## Exercise goal
The lines to reproduce from the material below are those from the one containing "Variables (F : numFieldType)" through the one containing "Hypotheses (w_ge0 : forall", both included; write them out exactly and add nothing.

## Material shown
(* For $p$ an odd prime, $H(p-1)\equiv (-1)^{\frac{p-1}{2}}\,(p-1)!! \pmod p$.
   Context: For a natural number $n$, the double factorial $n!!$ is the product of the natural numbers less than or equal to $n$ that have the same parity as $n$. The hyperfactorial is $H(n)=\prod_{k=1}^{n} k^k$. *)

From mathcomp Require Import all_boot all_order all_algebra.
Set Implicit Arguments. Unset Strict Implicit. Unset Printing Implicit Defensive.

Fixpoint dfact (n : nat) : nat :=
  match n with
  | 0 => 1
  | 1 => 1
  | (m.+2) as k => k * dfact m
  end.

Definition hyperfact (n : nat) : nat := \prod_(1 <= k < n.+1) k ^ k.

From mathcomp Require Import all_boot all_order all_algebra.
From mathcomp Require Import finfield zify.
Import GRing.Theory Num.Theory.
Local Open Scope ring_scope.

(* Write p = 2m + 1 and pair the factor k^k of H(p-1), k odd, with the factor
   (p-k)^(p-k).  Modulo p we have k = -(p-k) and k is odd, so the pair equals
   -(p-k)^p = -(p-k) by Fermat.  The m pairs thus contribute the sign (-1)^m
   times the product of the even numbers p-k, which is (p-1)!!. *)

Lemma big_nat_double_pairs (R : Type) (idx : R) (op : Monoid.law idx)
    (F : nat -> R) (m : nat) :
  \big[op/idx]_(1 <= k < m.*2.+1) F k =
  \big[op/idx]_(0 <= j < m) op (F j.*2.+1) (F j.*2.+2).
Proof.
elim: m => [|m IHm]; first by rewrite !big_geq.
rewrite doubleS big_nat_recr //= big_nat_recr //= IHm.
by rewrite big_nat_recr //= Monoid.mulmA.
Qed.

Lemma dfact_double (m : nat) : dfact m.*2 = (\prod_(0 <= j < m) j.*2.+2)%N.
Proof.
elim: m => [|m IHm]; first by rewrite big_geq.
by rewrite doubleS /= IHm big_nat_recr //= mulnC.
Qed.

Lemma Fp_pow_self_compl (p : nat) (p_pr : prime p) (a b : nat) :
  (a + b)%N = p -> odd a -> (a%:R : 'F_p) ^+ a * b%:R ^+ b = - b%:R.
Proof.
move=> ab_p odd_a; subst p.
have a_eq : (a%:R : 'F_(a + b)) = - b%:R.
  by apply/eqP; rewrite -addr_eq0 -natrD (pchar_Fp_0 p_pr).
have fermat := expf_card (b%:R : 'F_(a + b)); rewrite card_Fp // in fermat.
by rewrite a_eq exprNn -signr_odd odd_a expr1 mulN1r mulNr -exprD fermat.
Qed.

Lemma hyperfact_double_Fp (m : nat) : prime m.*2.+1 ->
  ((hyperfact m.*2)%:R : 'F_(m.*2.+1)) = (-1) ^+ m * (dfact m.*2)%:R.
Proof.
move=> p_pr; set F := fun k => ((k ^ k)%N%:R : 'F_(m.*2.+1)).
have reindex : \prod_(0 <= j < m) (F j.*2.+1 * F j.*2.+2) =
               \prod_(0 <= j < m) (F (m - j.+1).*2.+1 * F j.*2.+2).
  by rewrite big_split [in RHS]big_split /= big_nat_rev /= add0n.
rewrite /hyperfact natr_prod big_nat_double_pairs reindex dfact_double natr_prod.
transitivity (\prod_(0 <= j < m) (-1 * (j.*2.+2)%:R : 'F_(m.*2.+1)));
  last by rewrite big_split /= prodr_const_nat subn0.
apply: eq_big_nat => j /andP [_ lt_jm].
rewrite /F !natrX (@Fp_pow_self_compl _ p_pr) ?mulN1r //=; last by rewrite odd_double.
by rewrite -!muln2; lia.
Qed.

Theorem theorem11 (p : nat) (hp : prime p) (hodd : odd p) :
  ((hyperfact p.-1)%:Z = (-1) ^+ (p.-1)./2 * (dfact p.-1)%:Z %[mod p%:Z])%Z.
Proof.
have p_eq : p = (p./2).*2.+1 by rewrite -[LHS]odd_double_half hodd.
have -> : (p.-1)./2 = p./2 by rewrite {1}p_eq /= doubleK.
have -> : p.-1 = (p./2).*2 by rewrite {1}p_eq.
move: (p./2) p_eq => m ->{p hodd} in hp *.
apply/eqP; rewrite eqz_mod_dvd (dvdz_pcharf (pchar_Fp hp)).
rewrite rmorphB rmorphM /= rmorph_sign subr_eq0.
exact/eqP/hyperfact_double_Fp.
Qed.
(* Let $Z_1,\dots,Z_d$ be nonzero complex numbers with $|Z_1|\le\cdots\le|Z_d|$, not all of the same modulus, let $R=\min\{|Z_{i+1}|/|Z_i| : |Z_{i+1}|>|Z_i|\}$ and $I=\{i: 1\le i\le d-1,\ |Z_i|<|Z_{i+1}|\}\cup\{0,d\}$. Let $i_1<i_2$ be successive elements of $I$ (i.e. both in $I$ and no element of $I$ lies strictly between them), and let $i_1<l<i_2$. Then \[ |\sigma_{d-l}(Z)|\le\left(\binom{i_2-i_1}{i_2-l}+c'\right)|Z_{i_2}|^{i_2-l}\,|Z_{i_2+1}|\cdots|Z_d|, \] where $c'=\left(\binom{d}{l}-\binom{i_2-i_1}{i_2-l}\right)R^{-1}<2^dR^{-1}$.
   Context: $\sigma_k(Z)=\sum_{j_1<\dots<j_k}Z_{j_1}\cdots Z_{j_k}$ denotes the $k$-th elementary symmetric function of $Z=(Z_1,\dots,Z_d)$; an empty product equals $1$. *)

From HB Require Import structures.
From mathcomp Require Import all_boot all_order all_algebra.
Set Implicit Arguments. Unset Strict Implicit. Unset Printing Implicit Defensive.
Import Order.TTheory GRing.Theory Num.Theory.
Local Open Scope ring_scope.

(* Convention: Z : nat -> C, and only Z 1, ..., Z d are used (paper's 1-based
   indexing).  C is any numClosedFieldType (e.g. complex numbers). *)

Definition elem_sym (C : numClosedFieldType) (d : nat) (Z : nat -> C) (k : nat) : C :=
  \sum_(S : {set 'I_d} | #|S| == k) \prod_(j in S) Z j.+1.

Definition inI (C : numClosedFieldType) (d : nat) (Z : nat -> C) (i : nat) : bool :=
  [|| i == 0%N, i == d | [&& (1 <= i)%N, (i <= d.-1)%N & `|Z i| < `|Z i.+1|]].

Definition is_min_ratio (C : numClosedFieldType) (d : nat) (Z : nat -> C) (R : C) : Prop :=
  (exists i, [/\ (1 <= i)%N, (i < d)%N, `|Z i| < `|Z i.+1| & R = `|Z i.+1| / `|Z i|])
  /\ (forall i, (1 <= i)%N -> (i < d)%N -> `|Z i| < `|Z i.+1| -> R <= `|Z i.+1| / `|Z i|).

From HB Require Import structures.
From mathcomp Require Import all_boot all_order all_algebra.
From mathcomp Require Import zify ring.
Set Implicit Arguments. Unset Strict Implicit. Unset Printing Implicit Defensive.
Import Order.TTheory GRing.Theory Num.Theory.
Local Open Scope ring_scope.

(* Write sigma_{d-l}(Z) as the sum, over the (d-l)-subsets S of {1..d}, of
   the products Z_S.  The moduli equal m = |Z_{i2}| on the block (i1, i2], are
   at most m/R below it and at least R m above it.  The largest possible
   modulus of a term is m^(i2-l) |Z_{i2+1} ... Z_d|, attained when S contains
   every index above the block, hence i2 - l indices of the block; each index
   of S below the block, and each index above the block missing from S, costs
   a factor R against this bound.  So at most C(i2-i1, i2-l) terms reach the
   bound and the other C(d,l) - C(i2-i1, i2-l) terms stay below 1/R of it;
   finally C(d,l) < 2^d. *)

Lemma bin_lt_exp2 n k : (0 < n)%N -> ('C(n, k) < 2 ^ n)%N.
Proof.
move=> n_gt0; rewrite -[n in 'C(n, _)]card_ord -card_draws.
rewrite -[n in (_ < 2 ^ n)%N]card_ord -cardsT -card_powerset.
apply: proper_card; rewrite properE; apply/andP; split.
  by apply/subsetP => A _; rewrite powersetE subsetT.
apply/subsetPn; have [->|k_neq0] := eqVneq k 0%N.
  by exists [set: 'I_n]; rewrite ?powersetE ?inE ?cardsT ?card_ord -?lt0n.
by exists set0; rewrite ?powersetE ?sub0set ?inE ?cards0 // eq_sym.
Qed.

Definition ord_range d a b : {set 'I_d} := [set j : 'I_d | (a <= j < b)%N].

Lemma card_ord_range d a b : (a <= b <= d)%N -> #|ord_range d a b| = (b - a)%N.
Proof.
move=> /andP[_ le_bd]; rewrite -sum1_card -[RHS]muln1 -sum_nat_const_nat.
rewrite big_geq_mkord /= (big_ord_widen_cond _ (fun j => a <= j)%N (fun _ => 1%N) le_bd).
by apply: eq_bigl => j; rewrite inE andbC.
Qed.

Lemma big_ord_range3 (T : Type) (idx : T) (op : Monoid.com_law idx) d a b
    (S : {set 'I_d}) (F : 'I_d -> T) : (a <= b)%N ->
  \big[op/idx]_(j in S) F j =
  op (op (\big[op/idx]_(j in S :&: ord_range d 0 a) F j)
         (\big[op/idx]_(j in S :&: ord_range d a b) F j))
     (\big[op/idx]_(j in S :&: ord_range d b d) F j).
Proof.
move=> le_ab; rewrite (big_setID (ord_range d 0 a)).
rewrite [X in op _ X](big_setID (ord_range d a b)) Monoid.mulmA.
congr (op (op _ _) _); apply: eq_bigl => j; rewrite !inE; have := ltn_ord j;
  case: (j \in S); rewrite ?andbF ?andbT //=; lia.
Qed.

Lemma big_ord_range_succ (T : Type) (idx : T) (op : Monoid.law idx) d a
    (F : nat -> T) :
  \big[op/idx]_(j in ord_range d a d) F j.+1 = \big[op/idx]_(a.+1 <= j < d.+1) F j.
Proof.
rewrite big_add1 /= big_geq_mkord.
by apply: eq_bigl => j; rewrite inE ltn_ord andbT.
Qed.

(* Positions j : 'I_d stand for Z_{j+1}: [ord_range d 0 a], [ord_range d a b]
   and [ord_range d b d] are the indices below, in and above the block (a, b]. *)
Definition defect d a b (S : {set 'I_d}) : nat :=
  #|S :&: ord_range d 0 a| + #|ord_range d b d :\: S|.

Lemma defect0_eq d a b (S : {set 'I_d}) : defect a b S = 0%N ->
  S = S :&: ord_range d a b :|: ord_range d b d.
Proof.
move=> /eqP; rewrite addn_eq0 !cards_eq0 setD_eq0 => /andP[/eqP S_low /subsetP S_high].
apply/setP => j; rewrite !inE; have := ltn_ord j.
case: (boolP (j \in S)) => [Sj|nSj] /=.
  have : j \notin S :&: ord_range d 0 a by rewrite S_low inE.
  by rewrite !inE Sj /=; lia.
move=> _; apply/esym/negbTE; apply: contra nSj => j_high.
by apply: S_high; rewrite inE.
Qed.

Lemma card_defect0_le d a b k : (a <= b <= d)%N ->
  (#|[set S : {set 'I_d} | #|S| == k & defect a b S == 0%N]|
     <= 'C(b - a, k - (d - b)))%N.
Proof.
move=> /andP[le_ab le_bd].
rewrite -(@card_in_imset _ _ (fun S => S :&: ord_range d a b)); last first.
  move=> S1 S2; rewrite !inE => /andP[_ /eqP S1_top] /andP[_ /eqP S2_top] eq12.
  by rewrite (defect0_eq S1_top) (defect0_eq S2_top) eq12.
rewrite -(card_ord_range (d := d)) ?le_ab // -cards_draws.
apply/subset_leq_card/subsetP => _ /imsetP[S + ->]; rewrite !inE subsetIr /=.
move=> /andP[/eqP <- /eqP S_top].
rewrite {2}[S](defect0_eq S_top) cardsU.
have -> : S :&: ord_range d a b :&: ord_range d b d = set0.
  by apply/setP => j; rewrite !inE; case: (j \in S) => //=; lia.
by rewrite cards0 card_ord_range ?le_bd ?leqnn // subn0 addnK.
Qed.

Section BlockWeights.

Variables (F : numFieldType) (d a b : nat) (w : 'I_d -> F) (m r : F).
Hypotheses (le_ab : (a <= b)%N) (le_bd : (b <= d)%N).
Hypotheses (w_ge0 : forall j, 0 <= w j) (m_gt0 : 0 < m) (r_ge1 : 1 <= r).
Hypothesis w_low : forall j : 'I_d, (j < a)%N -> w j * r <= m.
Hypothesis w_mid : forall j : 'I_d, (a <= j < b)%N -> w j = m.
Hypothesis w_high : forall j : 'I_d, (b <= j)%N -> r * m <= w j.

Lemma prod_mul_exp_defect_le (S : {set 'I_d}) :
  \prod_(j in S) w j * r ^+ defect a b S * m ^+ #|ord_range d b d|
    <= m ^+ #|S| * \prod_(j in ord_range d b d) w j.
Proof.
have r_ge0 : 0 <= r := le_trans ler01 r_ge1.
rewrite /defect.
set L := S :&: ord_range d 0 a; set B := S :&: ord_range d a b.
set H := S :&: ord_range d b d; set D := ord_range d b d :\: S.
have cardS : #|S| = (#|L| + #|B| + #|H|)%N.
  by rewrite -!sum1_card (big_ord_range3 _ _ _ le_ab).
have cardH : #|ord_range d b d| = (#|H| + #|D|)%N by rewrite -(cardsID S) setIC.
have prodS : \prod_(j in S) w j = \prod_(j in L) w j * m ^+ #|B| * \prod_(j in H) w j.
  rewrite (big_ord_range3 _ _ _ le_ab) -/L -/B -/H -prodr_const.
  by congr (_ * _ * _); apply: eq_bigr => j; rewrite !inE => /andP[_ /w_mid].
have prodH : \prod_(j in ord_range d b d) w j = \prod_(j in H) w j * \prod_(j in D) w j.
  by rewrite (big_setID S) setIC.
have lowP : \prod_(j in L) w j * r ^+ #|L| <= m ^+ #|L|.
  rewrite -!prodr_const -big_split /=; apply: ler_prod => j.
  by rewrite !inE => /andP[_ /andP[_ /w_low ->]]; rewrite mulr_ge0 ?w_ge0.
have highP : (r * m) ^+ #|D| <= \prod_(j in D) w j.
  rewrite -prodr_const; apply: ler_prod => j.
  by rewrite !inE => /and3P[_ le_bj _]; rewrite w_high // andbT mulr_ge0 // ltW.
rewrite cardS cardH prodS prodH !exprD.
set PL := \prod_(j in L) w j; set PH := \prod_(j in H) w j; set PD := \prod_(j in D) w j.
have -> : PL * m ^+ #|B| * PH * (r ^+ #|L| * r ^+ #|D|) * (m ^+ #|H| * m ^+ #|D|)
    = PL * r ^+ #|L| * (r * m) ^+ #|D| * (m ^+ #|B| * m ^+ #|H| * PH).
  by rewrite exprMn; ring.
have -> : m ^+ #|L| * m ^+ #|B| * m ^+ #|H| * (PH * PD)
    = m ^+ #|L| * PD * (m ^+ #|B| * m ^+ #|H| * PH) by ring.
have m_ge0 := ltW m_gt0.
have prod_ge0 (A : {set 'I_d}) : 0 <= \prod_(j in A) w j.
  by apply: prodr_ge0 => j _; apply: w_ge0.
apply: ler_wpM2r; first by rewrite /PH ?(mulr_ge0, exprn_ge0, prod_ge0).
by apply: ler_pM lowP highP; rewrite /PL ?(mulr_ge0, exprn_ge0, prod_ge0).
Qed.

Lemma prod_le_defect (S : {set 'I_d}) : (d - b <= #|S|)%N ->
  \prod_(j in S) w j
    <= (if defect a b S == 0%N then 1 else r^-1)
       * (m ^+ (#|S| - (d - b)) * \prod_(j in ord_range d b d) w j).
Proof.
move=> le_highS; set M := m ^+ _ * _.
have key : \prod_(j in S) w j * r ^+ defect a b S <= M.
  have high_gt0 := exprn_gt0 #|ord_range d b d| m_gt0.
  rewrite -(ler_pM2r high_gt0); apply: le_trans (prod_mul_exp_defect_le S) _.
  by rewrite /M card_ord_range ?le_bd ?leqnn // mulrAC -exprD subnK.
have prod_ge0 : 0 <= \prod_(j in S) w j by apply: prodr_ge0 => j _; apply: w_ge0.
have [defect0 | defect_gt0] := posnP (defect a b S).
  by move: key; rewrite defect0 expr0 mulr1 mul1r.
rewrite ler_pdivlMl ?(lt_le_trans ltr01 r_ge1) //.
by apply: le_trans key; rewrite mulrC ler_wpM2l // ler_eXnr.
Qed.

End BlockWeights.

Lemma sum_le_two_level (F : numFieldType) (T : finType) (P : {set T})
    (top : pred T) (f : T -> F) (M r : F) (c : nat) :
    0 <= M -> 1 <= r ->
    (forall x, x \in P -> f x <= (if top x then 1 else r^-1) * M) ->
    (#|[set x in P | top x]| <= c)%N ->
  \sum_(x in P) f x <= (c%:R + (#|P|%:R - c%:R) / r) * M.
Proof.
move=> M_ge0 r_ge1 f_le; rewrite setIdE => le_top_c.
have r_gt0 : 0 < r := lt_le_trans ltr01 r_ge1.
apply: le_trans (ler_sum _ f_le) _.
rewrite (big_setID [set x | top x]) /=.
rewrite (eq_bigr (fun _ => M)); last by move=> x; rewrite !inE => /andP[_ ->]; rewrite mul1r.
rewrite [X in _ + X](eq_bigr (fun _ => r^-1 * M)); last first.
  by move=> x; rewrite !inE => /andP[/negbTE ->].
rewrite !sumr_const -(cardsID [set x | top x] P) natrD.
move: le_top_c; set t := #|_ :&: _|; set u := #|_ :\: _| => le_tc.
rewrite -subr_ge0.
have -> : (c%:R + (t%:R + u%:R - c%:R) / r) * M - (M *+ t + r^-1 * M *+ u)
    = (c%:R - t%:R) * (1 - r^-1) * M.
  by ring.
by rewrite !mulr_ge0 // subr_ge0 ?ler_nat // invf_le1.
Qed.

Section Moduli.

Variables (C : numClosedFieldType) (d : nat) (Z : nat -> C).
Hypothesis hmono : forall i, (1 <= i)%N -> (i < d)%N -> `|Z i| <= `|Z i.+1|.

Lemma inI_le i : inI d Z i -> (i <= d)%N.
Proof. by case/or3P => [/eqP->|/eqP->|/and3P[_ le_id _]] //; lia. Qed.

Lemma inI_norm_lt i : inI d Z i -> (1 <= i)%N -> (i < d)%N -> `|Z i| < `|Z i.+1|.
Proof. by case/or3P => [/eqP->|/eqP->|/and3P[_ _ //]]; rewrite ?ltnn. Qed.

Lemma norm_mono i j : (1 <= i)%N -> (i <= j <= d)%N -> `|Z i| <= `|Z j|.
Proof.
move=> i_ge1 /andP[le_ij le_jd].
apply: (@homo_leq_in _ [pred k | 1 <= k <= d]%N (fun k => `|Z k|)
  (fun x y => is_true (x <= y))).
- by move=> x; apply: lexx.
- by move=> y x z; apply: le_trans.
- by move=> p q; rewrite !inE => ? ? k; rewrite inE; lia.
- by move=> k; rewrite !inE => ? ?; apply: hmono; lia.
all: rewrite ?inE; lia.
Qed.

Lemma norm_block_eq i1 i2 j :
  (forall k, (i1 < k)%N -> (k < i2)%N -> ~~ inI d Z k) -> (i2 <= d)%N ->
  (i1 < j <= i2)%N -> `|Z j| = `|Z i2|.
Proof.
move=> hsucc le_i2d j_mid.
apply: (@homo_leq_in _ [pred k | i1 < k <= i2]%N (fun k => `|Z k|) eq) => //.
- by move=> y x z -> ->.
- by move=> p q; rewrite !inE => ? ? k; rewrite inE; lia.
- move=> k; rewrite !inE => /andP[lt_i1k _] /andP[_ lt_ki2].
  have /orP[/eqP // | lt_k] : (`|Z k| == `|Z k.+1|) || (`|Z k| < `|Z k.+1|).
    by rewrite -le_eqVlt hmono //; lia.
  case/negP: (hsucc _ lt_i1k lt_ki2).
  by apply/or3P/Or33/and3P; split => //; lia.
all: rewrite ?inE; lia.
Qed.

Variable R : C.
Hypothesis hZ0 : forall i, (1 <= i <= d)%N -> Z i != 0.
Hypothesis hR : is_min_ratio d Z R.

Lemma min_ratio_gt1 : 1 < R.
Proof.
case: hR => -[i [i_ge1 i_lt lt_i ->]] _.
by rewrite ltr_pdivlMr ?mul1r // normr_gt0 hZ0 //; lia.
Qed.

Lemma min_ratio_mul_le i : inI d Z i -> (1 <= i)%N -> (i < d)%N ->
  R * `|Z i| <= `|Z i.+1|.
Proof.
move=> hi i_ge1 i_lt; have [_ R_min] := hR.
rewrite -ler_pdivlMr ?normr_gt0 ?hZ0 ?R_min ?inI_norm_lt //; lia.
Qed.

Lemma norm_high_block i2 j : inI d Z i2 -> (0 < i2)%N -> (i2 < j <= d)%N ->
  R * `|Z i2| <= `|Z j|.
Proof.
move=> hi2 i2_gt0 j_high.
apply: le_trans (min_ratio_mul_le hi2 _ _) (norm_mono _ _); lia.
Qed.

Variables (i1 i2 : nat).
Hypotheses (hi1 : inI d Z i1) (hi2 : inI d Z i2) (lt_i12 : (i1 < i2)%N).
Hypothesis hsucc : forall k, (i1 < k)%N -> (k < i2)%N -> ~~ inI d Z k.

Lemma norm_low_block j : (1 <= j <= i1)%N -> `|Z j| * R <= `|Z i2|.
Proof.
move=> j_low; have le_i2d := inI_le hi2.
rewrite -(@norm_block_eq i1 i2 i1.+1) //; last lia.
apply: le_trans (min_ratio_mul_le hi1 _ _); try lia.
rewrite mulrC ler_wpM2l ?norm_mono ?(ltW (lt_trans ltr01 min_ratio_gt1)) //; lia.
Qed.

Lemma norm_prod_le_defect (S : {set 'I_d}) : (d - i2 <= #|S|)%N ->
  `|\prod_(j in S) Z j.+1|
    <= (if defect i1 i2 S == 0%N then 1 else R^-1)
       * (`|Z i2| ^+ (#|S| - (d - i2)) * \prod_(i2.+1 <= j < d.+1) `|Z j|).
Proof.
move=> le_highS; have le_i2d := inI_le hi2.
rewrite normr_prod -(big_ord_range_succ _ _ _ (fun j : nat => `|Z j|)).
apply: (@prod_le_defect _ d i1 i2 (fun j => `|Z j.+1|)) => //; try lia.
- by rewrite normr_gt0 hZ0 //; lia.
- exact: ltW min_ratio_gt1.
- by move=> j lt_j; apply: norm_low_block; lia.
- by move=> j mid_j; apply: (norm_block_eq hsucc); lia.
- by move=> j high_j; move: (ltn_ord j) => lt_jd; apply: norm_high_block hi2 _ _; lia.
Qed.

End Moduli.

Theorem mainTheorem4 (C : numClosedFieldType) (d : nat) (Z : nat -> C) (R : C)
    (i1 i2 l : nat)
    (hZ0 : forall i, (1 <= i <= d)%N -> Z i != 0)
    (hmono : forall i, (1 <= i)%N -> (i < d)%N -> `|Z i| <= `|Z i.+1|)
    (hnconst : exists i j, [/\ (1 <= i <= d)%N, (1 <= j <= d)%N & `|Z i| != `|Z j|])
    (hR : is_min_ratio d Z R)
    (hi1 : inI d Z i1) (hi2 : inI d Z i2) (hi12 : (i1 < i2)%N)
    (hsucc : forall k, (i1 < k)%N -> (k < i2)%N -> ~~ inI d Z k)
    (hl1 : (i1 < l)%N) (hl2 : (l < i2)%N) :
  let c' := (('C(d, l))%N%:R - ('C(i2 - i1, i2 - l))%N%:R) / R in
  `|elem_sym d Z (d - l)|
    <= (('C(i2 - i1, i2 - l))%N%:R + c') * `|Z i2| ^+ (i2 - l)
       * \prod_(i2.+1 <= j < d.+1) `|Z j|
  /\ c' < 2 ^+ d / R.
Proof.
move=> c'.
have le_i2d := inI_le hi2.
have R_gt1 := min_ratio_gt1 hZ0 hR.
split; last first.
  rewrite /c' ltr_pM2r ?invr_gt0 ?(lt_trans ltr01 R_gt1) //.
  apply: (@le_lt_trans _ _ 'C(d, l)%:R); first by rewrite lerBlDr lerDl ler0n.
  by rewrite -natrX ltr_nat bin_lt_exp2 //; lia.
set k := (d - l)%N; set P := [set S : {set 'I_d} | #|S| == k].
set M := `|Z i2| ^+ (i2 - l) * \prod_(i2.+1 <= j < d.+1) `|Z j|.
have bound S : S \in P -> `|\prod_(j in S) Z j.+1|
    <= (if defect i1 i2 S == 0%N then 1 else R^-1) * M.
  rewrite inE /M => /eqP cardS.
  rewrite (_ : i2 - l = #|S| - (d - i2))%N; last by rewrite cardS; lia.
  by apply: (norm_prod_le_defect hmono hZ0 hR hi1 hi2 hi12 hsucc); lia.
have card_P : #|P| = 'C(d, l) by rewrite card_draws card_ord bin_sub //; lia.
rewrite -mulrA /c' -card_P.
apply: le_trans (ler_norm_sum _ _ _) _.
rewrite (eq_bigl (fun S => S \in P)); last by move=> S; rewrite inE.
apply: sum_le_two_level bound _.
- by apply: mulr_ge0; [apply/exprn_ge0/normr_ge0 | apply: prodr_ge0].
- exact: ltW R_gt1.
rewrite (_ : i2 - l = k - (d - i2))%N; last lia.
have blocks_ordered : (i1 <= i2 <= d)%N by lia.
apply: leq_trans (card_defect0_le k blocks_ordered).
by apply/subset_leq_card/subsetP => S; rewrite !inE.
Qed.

## Result below
Variables (F : numFieldType) (d a b : nat) (w : 'I_d -> F) (m r : F).
Hypotheses (le_ab : (a <= b)%N) (le_bd : (b <= d)%N).
Hypotheses (w_ge0 : forall j, 0 <= w j) (m_gt0 : 0 < m) (r_ge1 : 1 <= r).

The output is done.